Now we can start the actual proof of the inequality. We have to show that:
$$(a^2+b^2+c^2)^3 \geq \frac{(t_1^2+1)^3}{t_1(t_1-1)(t_1+1)^3}(a+b+c)^3(c-b)(c-a)(b-a)$$
Since $a^2 \geq 0$, it is enough to show that:
$$(b^2+c^2)^3 \geq \frac{(t_1^2+1)^3}{t_1(t_1-1)(t_1+1)^3}(a+b+c)^3(c-b)(c-a)(b-a)$$
Using AM-GM, we get:
$$\left(\frac{a+b+c}{t_1+1}\right)^3\cdot \frac{c-b}{t_1-1}\cdot \frac{c-a}{t_1}\cdot (b-a) \leq \frac{1}{6^6} \left(\frac{3(a+b+c)}{t_1+1}+\frac{c-b}{t_1-1}+\frac{c-a}{t_1}+b-a\right)^6$$
Thus, it's enough to show that:
$$b^2+c^2\geq \frac{t_1^2+1}{36}\left(\frac{3(a+b+c)}{t_1+1}+\frac{c-b}{t_1-1}+\frac{c-a}{t_1}+b-a\right)^2$$
Inside the parantheses, the coefficient of $a$ is
$$\frac{t_1-1-t_1^2}{t_1(t_1+1)} < 0$$
so we can ignore it altogether. Therefore, it remains to prove:
$$b^2+c^2\geq \frac{t_1^2+1}{36}\left(\frac{3(b+c)}{t_1+1}+\frac{c-b}{t_1-1}+\frac{c}{t_1}+b\right)^2$$
or
$$36(b^2+c^2)\geq \frac{t_1^2+1}{[t_1(t_1-1)(t_1+1)]^2}\left[(t_1^3+2t_1^2-5t_1)b+(5t_1^2-2t_1-1)c\right]^2$$
This follows from Cauchy-Schwarz:
$$\left[(t_1^3+2t_1^2-5t)b+(5t_1^2-2t_1-1)c\right]^2\leq \left[(t_1^3+2t_1^2-5t_1)^2+(5t_1^2-2t_1-1)^2\right](b^2+c^2)$$
and we can check that:
$$\frac{(t_1^2+1)\left[(t_1^3+2t_1^2-5t_1)^2+(5t_1^2-2t_1-1)^2\right]}{[t_1(t_1-1)(t_1+1)]^2}=36$$
completing the proof.
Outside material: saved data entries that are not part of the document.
(* Shrinking each ballot of [A^{x,r}] other than [S] and not inside [W] by a
   candidate outside [W] keeps [W] winning, by independence of losers.  The
   shrunk ballots are ties, so by consistency the new outcome is the
   intersection of the [f_single T] over the remaining ballots, which [W']
   shows to be nonempty. *)
Lemma mem_f_single_of_witness x r S W W' : 1 < r <= m ->
    (forall U, #|U| = r.-1 -> f_single U = comm) -> f_with x r = comm ->
    S \in ballots_with x r -> W \in comm -> W' \in comm ->
    (forall T, T \in ballots_with x r -> (T == S) || (T \subset W) -> W' \in f_single T) ->
  W \in f_single S.
Proof.
move=> rb small_comm fx_comm SB Wc W'c W'T.
pose kept T := (T == S) || (T \subset W).
pose g T := if kept T then T else drop_outside W T.
have cardB T : T \in ballots_with x r -> #|T| = r by rewrite inE => /andP[/eqP].
have card_g T : T \in ballots_with x r -> ~~ kept T -> #|g T| = r.-1.
  move=> TB nkT; rewrite /g (negPf nkT) card_drop_outside ?cardB //.
  by apply: contra nkT => TW; rewrite /kept TW orbT.
have gB0 : set0 \notin map g (enum (ballots_with x r)).
  apply/mapP => -[T]; rewrite mem_enum => TB /esym/eqP; rewrite -cards_eq0.
  case: (boolP (kept T)) => kT; last by rewrite card_g //; lia.
  by rewrite /g kT cardB //; lia.
have Wg : W \in f (seq_profile 1 (map g (enum (ballots_with x r)))).
  apply: f_seq_profile_shrink; rewrite ?enum_eq_nil ?ballots_with_neq0 ?mem_enum //; try lia.
  - by rewrite set0_notin_card_pred //; lia.
  - move=> T _; rewrite /g; case: ifP => _; first by rewrite subxx.
    by rewrite drop_outside_sub setI_drop_outside.
  - by rewrite -/(f_with x r) fx_comm.
have g_nil : map g (enum (ballots_with x r)) != [::].
  by rewrite -size_eq0 size_map size_eq0 enum_eq_nil; apply: ballots_with_neq0; lia.
have cap_neq0 : \bigcap_(U <- map g (enum (ballots_with x r))) f_single U != set0.
  apply/set0Pn; exists W'; rewrite bigcap_seq; apply/bigcapP => U /mapP[T].
  rewrite mem_enum => TB ->; case: (boolP (kept T)) => kT.
    by rewrite /g kT; apply: W'T.
  by rewrite small_comm ?card_g.
rewrite f_seq_profile_bigcap // bigcap_seq in Wg.
have gS : g S = S by rewrite /g /kept eqxx.
by move/bigcapP: Wg; apply; rewrite -gS map_f ?mem_enum.
Qed.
Equality occurs when $(a:b:c) = (0:1:t_1)$ up to any cyclic permutation.
Note: I chose to write $t_1$ instead of the actual value in the entire proof, because the numbers are ugly up until the last equality.